- TASK INPUT:
----------------------------------------
(* Let $\varepsilon>0$ be a constant, $C=12/\varepsilon$, $c=1/(8e)$, and let $k\geq 2$ be a constant integer. Let $G=(V,E)$ be a graph on $n$ vertices with $\delta(G)\geq\left(\frac12+\varepsilon\right)n$, and let $L\subseteq V$ be a set with $|L|\leq C\log n$ such that every pair of distinct vertices of $V\setminus L$ has at least $12\log n$ common $G$-neighbors in $L$. Let $G_k'$ be the subgraph of $G_k$ induced by $V\setminus L$. Then with high probability: every component of $G_k'$ has at least $cn$ vertices, and moreover, for every set $A$ of $k-1$ vertices, removing $A$ from $G_k'$ produces a graph each of whose components is either an isolated vertex or has at least $cn$ vertices.
   Context: The random graph $G_k$ on vertex set $V$: each vertex $v\in V$ independently makes $k$ choices, each uniformly at random from the $G$-neighborhood of $v$ (with replacement), and $G_k$ has edge $\{v,w\}$ whenever $v$ chose $w$ or $w$ chose $v$. ''With high probability'' means with probability tending to $1$ as $n\to\infty$. $\log$ is the natural logarithm. *)

From Stdlib Require Import Reals.
From mathcomp Require Import all_boot.
Set Implicit Arguments. Unset Strict Implicit. Unset Printing Implicit Defensive.

Open Scope R_scope.

Definition Rleb (a b : R) : bool := if Rle_dec a b then true else false.

Definition nbhd (n : nat) (e : rel 'I_n) (v : 'I_n) : {set 'I_n} :=
  [set w | e v w].

(* An outcome of the random process: vertex v's i-th choice is w v i. *)
Definition choices (n k : nat) := {ffun 'I_n -> {ffun 'I_k -> 'I_n}}.

(* Sample space: every choice of v lies in the G-neighbourhood of v.
   The process (independent uniform choices with replacement) is exactly
   the uniform distribution on this product set. *)
Definition Omega (n k : nat) (e : rel 'I_n) : {set choices n k} :=
  [set w : choices n k | [forall v, forall i, e v (w v i)]].

Definition prob (n k : nat) (e : rel 'I_n) (E : pred (choices n k)) : R :=
  INR #|[set w in @Omega n k e | E w]| / INR #|@Omega n k e|.

Definition gk (n k : nat) (w : choices n k) : rel 'I_n :=
  fun v u => [exists i, w v i == u] || [exists i, w u i == v].

Definition induced (n : nat) (S : {set 'I_n}) (r : rel 'I_n) : rel 'I_n :=
  fun x y => [&& x \in S, y \in S & r x y].

Definition comp (n : nat) (S : {set 'I_n}) (r : rel 'I_n) (v : 'I_n) : {set 'I_n} :=
  [set u | connect (induced S r) v u].

Definition c_const : R := / (8 * exp 1).

Definition good_event (n k : nat) (L : {set 'I_n}) (w : choices n k) : bool :=
  let S := ~: L in
  let r := gk w in
  [forall v in S, Rleb (c_const * INR n) (INR #|comp S r v|)] &&
  [forall A : {set 'I_n}, ((A \subset S) && (#|A| == k.-1)) ==>
     [forall v in S :\: A,
        (#|comp (S :\: A) r v| == 1)%N || Rleb (c_const * INR n) (INR #|comp (S :\: A) r v|)]].

(* If the good event fails, then for some set [A] of vertices, empty or of size
   [k - 1], some component [T] of [G_k' - A] has [1 <= s < c n] vertices (and [s >= 2]
   when [A] is nonempty); every choice made by a vertex of [T] then stays inside
   [T :|: L :|: A]. All neighbourhoods have at least [n/2] vertices, so for a fixed pair
   [(A, T)] this happens with probability at most [(2 (s + |L| + k) / n) ^ (k s)].
   Summing over all pairs: isolated vertices contribute [O(polylog n / n)] because
   [k >= 2], sets [T] of polylogarithmic size contribute [O(polylog n / n)] in total,
   and each larger size [s < c n] contributes at most [n ^ -3], by
   [C(n, s) <= (e n / s) ^ s] and the choice [c = 1/(8e)]. *)

From HB Require Import structures.
From Stdlib Require Import Reals Lra Lia.
From mathcomp Require Import all_boot zify.
Open Scope R_scope.

(** * Elementary estimates *)

Lemma exp_le_exp (a b : R) : a <= b -> exp a <= exp b.
Proof. by case/Rle_lt_or_eq_dec => [/exp_increasing|->]; lra. Qed.

Lemma exp_pow (x : R) (j : nat) : exp x ^ j = exp (INR j * x).
Proof.
elim: j => [|j IH]; first by rewrite /= Rmult_0_l exp_0.
by rewrite S_INR /= IH -exp_plus; f_equal; ring.
Qed.

Lemma pow_div_le_exp (x : R) (j : nat) : 0 <= x -> (0 < j)%N -> (x / INR j) ^ j <= exp x.
Proof.
move=> hx hj; have hJ : 0 < INR j by apply: lt_0_INR; apply/ltP.
have -> : exp x = exp (x / INR j) ^ j by rewrite exp_pow; f_equal; field; lra.
apply: pow_incr; split; first by apply: Rmult_le_pos; [lra | left; apply: Rinv_0_lt_compat].
have := exp_ineq1_le (x / INR j); lra.
Qed.

Lemma pow_le_one (z : R) (j : nat) : 0 <= z <= 1 -> z ^ j <= 1.
Proof.
move=> [h0 h1]; elim: j => [|j IH] /=; first lra.
have := pow_le z j h0; nra.
Qed.

Lemma pow_antitone (z : R) (i j : nat) : 0 <= z <= 1 -> (i <= j)%N -> z ^ j <= z ^ i.
Proof.
move=> hz /subnK <-; rewrite pow_add.
have := @pow_le_one z (j - i) hz; have := pow_le z i (proj1 hz); nra.
Qed.

Lemma INR_expn (a j : nat) : INR (a ^ j)%N = INR a ^ j.
Proof. by elim: j => [|j IH] //; rewrite expnS mult_INR IH. Qed.

Lemma exp1_gt2 : 2 < exp 1.
Proof. have := exp_ineq1 1; lra. Qed.

Lemma pow_self_le_exp_fact (s : nat) : INR s ^ s <= exp (INR s) * INR s`!.
Proof.
elim: s => [|s IH]; first by rewrite /= exp_0; lra.
have hstep : INR s.+1 ^ s <= exp 1 * INR s ^ s.
  case: s IH => [|s] IH; first by rewrite /=; have := exp1_gt2; lra.
  have hs : 0 < INR s.+1 by apply: lt_0_INR; lia.
  have -> : INR s.+2 = INR s.+1 * (1 + / INR s.+1) by rewrite (S_INR s.+1); field; lra.
  have he : (1 + / INR s.+1) ^ s.+1 <= exp 1.
    have -> : exp 1 = exp (/ INR s.+1) ^ s.+1 by rewrite exp_pow; f_equal; field; lra.
    apply: pow_incr; split.
      by have := Rinv_0_lt_compat _ hs; lra.
    exact: exp_ineq1_le.
  rewrite Rpow_mult_distr; have := pow_le (INR s.+1) s.+1 (ltac:(lra)); nra.
have hs1 := pos_INR s.+1; have he := exp_pos 1.
rewrite factS mult_INR S_INR exp_plus -S_INR [INR s.+1 ^ s.+1]/=.
apply: Rle_trans (_ : INR s.+1 * (exp 1 * (exp (INR s) * INR s`!)) <= _); last by right; ring.
apply: Rmult_le_compat_l => //; apply: Rle_trans hstep _; apply: Rmult_le_compat_l; lra.
Qed.

Lemma ffact_le_expn (n m : nat) : (n ^_ m <= n ^ m)%N.
Proof.
rewrite ffact_prod -[X in (_ <= _ ^ X)%N](card_ord m) -prod_nat_const.
by apply: leq_prod => i _; apply: leq_subr.
Qed.

Lemma binomial_le_pow (n s : nat) : INR 'C(n, s) <= INR n ^ s.
Proof.
rewrite -INR_expn; apply: le_INR; apply/leP; apply: leq_trans (ffact_le_expn n s).
by rewrite -bin_ffact leq_pmulr ?fact_gt0.
Qed.

Lemma binomial_le_exp_pow (n s : nat) : (0 < s)%N ->
  INR 'C(n, s) <= (exp 1 * INR n / INR s) ^ s.
Proof.
move=> hs; have hS : 0 < INR s ^ s by apply: pow_lt; apply: lt_0_INR; apply/ltP.
have hbin : INR 'C(n, s) * INR s`! <= INR n ^ s.
  rewrite -mult_INR -INR_expn; apply: le_INR; apply/leP.
  by rewrite multE bin_ffact; apply: ffact_le_expn.
have hfact := pow_self_le_exp_fact s.
have hC := pos_INR 'C(n, s); have hE := exp_pos (INR s).
have : INR 'C(n, s) * INR s ^ s <= exp (INR s) * INR n ^ s by nra.
rewrite /Rdiv !Rpow_mult_distr exp_pow Rmult_1_r pow_inv => h.
apply: (Rmult_le_reg_r (INR s ^ s)) => //.
by rewrite Rmult_assoc Rinv_l; lra.
Qed.

Lemma RplusA : associative Rplus.
Proof. by move=> x y z; rewrite Rplus_assoc. Qed.

HB.instance Definition _ :=
  Monoid.isComLaw.Build R 0 Rplus RplusA Rplus_comm Rplus_0_l.
HB.instance Definition _ := Monoid.isMulLaw.Build R 0 Rmult Rmult_0_l Rmult_0_r.
HB.instance Definition _ :=
  Monoid.isAddLaw.Build R Rmult Rplus Rmult_plus_distr_r Rmult_plus_distr_l.

Section RealSums.
Variable I : finType.

Lemma big_Rle (P : pred I) (F G : I -> R) :
  (forall i, P i -> F i <= G i) ->
  \big[Rplus/0]_(i | P i) F i <= \big[Rplus/0]_(i | P i) G i.
Proof. by move=> h; elim/big_ind2: _ => // *; lra. Qed.

Lemma big_Rle_sub (P : pred I) (F : I -> R) :
  (forall i, 0 <= F i) -> \big[Rplus/0]_(i | P i) F i <= \big[Rplus/0]_i F i.
Proof.
move=> h; rewrite big_mkcond /=; apply: big_Rle => i _.
by case: (P i); [lra | apply: h].
Qed.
----------------------------------------
- YOUR GOAL:
From the records above, repeat exactly the lines from the one with "(* An outcome" through the one with "[(A, T)] this", both included.

- TASK OUTPUT:
(* An outcome of the random process: vertex v's i-th choice is w v i. *)
Definition choices (n k : nat) := {ffun 'I_n -> {ffun 'I_k -> 'I_n}}.

(* Sample space: every choice of v lies in the G-neighbourhood of v.
   The process (independent uniform choices with replacement) is exactly
   the uniform distribution on this product set. *)
Definition Omega (n k : nat) (e : rel 'I_n) : {set choices n k} :=
  [set w : choices n k | [forall v, forall i, e v (w v i)]].

Definition prob (n k : nat) (e : rel 'I_n) (E : pred (choices n k)) : R :=
  INR #|[set w in @Omega n k e | E w]| / INR #|@Omega n k e|.

Definition gk (n k : nat) (w : choices n k) : rel 'I_n :=
  fun v u => [exists i, w v i == u] || [exists i, w u i == v].

Definition induced (n : nat) (S : {set 'I_n}) (r : rel 'I_n) : rel 'I_n :=
  fun x y => [&& x \in S, y \in S & r x y].

Definition comp (n : nat) (S : {set 'I_n}) (r : rel 'I_n) (v : 'I_n) : {set 'I_n} :=
  [set u | connect (induced S r) v u].

Definition c_const : R := / (8 * exp 1).

Definition good_event (n k : nat) (L : {set 'I_n}) (w : choices n k) : bool :=
  let S := ~: L in
  let r := gk w in
  [forall v in S, Rleb (c_const * INR n) (INR #|comp S r v|)] &&
  [forall A : {set 'I_n}, ((A \subset S) && (#|A| == k.-1)) ==>
     [forall v in S :\: A,
        (#|comp (S :\: A) r v| == 1)%N || Rleb (c_const * INR n) (INR #|comp (S :\: A) r v|)]].

(* If the good event fails, then for some set [A] of vertices, empty or of size
   [k - 1], some component [T] of [G_k' - A] has [1 <= s < c n] vertices (and [s >= 2]
   when [A] is nonempty); every choice made by a vertex of [T] then stays inside
   [T :|: L :|: A]. All neighbourhoods have at least [n/2] vertices, so for a fixed pair
   [(A, T)] this happens with probability at most [(2 (s + |L| + k) / n) ^ (k s)].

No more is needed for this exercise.